> _RECORDS FOR THE EXERCISE_
════════

Lemma frob2_projT_le x v : stiefel x -> frob2 (projT x v) <= frob2 v.
Proof.
move=> stx; have := frob2D (v - projT x v) (projT x v); rewrite subrK => ->.
by rewrite mxdotBl mxdot_projT // -frob2E subrr mulr0 addr0 lerDr frob2_ge0.
Qed.

End StiefelTangentSpace.

Lemma projT_eq0_polar (R : realType) d r (y s : 'M[R]_(d, r)) :
  stiefel y -> projT y s = 0 -> s = y *m (y^T *m s) /\ (y^T *m s)^T = y^T *m s.
Proof.
rewrite /stiefel /projT => yTy /eqP; rewrite subr_eq0 => /eqP s_def.
have yTs : y^T *m s = 2^-1 *: (y^T *m s + s^T *m y).
  by rewrite {1}s_def -scalemxAr mulmxA yTy mul1mx.
by split; rewrite yTs; [rewrite -scalemxAr -s_def | rewrite linearZ /= trmx_sym_part].
Qed.

Lemma mxtrace_stiefel_cross_ge (R : realType) d r q
    (y x : 'M[R]_(d, r)) (Z : 'M[R]_(q, r)) :
  stiefel y -> stiefel x ->
  frob2 Z - 2^-1 * (frob2 (x - y) * frob2 Z) <= \tr (Z *m (y^T *m x) *m Z^T).
Proof.
move=> sty stx; set Q := y^T *m (y - x).
have -> : y^T *m x = 1%:M - Q by rewrite /Q mulmxBr sty opprB addrC subrK.
rewrite mulmxBr mulmx1 mulmxBl mxtraceD raddfN /=.
have -> : \tr (Z *m Z^T) = frob2 Z by rewrite -frob2_tr frob2E /mxdot trmxK.
have QQT : 2 * \tr (Z *m Q *m Z^T) = frob2 ((y - x) *m Z^T).
  have -> : 2 * \tr (Z *m Q *m Z^T) = \tr (Z *m Q *m Z^T) + \tr (Z *m Q^T *m Z^T).
    by rewrite -[\tr (Z *m Q^T *m _)]mxtrace_tr !trmx_mul !trmxK -/Q mulmxA; ring.
  rewrite -mxtraceD -mulmxDl -mulmxDr /Q trmx_mul trmxK -stiefel_gram_sub //.
  by rewrite frob2E /mxdot trmx_mul trmxK !mulmxA.
have := frob2_mul_le (y - x) Z^T; rewrite frob2_tr -QQT -frob2N opprB; lra.
Qed.

Section InducedArithmeticMean.
Variables (R : realType) (n d r : nat).
Implicit Types (x : 'I_n -> 'M[R]_(d, r)) (y z : 'M[R]_(d, r)).

Lemma dist2_stiefel x z : (forall i, stiefel (x i)) -> stiefel z ->
  dist2 x z = n%:R * (2 * r%:R) - 2 * mxdot (\sum_(i < n) x i) z.
Proof.
move=> stx stz; rewrite /dist2 (eq_bigr (fun i => 2 * r%:R - 2 * mxdot (x i) z)) => [|i _].
  by rewrite sumrB sumr_const card_ord -mulr_sumr mxdot_suml [n%:R * _]mulr_natl.
rewrite frob2D frob2N mxdotNr !stiefel_frob2 //; ring.
Qed.

Lemma IAM_max_mxdot x y : (forall i, stiefel (x i)) -> is_IAM x y ->
  forall z, stiefel z -> mxdot (\sum_(i < n) x i) z <= mxdot (\sum_(i < n) x i) y.
Proof.
move=> stx [sty y_min] z stz; have := y_min z stz.
by rewrite !dist2_stiefel //; lra.
Qed.

End InducedArithmeticMean.

Section SecondOrderRetraction.
Variables (R : realType) (d r : nat) (Rt : 'M[R]_(d, r) -> 'M[R]_(d, r) -> 'M[R]_(d, r)).
Variable M : R.
Hypothesis retraction_Rt : retraction Rt.
Hypothesis M_gt0 : 0 < M.
Hypothesis Rt_second_order : forall x xi, stiefel x -> tangent x xi ->
  frob (Rt x xi - (x + xi)) <= M * frob2 xi.

Lemma projT_eq0_at_max (y s : 'M[R]_(d, r)) :
  stiefel y -> (forall z, stiefel z -> mxdot s z <= mxdot s y) -> projT y s = 0.
Proof.
move=> sty s_max; have txi := tangent_projT s sty; have sxi := mxdot_projT s sty.
move: (projT y s) txi sxi => xi txi sxi; apply: frob2_eq0.
(* a retraction step of length h along xi cannot increase <s, .> *)
have step h : 0 < h -> h * frob2 xi <= frob s * M * h ^+ 2 * frob2 xi.
  move=> h_gt0; have thxi := tangentZ h txi; have [stRt _ _] := retraction_Rt sty.
  have := s_max _ (stRt _ thxi).
  rewrite -[Rt y _](subrK (y + h *: xi)) mxdotDr mxdotDr mxdotZr sxi.
  have := norm_mxdot_le s (Rt y (h *: xi) - (y + h *: xi)).
  have := Rt_second_order sty thxi; rewrite frob2Z.
  move: (Rt y _ - _) => e; rewrite ler_norml => le_e /andP[le_se _].
  have := ler_wpM2l (frob_ge0 s) le_e; nra.
pose h := (2 * (frob s * M + 1))^-1.
have sM0 : 0 <= frob s * M by rewrite mulr_ge0 ?frob_ge0 ?ltW.
have h_gt0 : 0 < h by rewrite invr_gt0; lra.
have hsM : frob s * M * h <= 2^-1 by rewrite ler_pdivrMr; lra.
have := step h h_gt0; rewrite expr2 !mulrA -(mulrA _ h) (mulrC _ h) -!mulrA ler_pM2l //.
by have := frob2_ge0 xi; nra.
Qed.

(* the IAM condition makes [s = \sum_i x i] a symmetric multiple of [y], which turns
   [<s, y - y'>] into a quadratic form in [y - y'] *)
Lemma IAM_frob2_sub_le n (x : 'I_n -> 'M[R]_(d, r)) (y y' : 'M[R]_(d, r)) :
  (forall i, stiefel (x i)) -> is_IAM x y -> stiefel y' ->
  frob2 (y - y') * (n%:R - 2^-1 * dist2 x y) <= 2 * mxdot (\sum_(i < n) x i) (y - y').
Proof.
move=> stx IAMy sty'; have sty : stiefel y by case: IAMy.
have [s_def PT] := projT_eq0_polar sty (projT_eq0_at_max sty (IAM_max_mxdot stx IAMy)).
have -> : 2 * mxdot (\sum_(i < n) x i) (y - y') =
    \tr ((y - y') *m (y^T *m \sum_(i < n) x i) *m (y - y')^T).
  rewrite mxtrace_mulC (mulmxA (y - y')^T) stiefel_gram_sub // mulmxDl mxtraceD.
  rewrite -[\tr ((y - y')^T *m y *m _)]mxtrace_tr trmx_mul PT trmx_mul trmxK mulmxA.
  rewrite /mxdot {1}s_def trmx_mul PT -(mulmxA (y^T *m (y - y'))).
  by rewrite [\tr (y^T *m (y - y') *m _)]mxtrace_mulC !mulmxA; ring.
rewrite mulmx_sumr mulmx_sumr mulmx_suml raddf_sum /=.
apply: le_trans (ler_sum _ (fun i _ => mxtrace_stiefel_cross_ge (y - y') sty (stx i))).
rewrite sumrB sumr_const card_ord -mulr_sumr /dist2 -mulr_suml -mulr_natr; lra.
Qed.

Lemma frob_IAM_sub_le n (x x' : 'I_n -> 'M[R]_(d, r)) (y y' : 'M[R]_(d, r)) :
  (forall i, stiefel (x i)) -> (forall i, stiefel (x' i)) -> is_IAM x y -> is_IAM x' y' ->
  frob (y - y') * (2 * n%:R - 2^-1 * (dist2 x y + dist2 x' y'))
    <= 2 * frob (\sum_(i < n) x i - \sum_(i < n) x' i).
Proof.
move=> stx stx' IAMy IAMy'; have [sty _] := IAMy; have [sty' _] := IAMy'.
have le_y := IAM_frob2_sub_le stx IAMy sty'.
have := IAM_frob2_sub_le stx' IAMy' sty; rewrite -opprB frob2N mxdotNr => le_y'.
have := mxdot_le_frob (\sum_(i < n) x i - \sum_(i < n) x' i) (y - y').
rewrite mxdotBl -sqr_frob in le_y le_y' * => cs.
have [Z0|Z_neq0] := eqVneq (frob (y - y')) 0.
  by rewrite Z0 mul0r mulr_ge0 ?frob_ge0.
have Z_gt0 : 0 < frob (y - y') by rewrite lt_def Z_neq0 frob_ge0.
have : frob (y - y') ^+ 2 * (2 * n%:R - 2^-1 * (dist2 x y + dist2 x' y'))
    <= frob (y - y') * (2 * frob (\sum_(i < n) x i - \sum_(i < n) x' i)) by lra.
by rewrite expr2 -mulrA ler_pM2l.
Qed.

════════

> _YOUR GOAL_
Using the material above, return each line in which the word "Section" occurs.

> _ANSWER TO THIS TASK_
Section InducedArithmeticMean.
Section SecondOrderRetraction.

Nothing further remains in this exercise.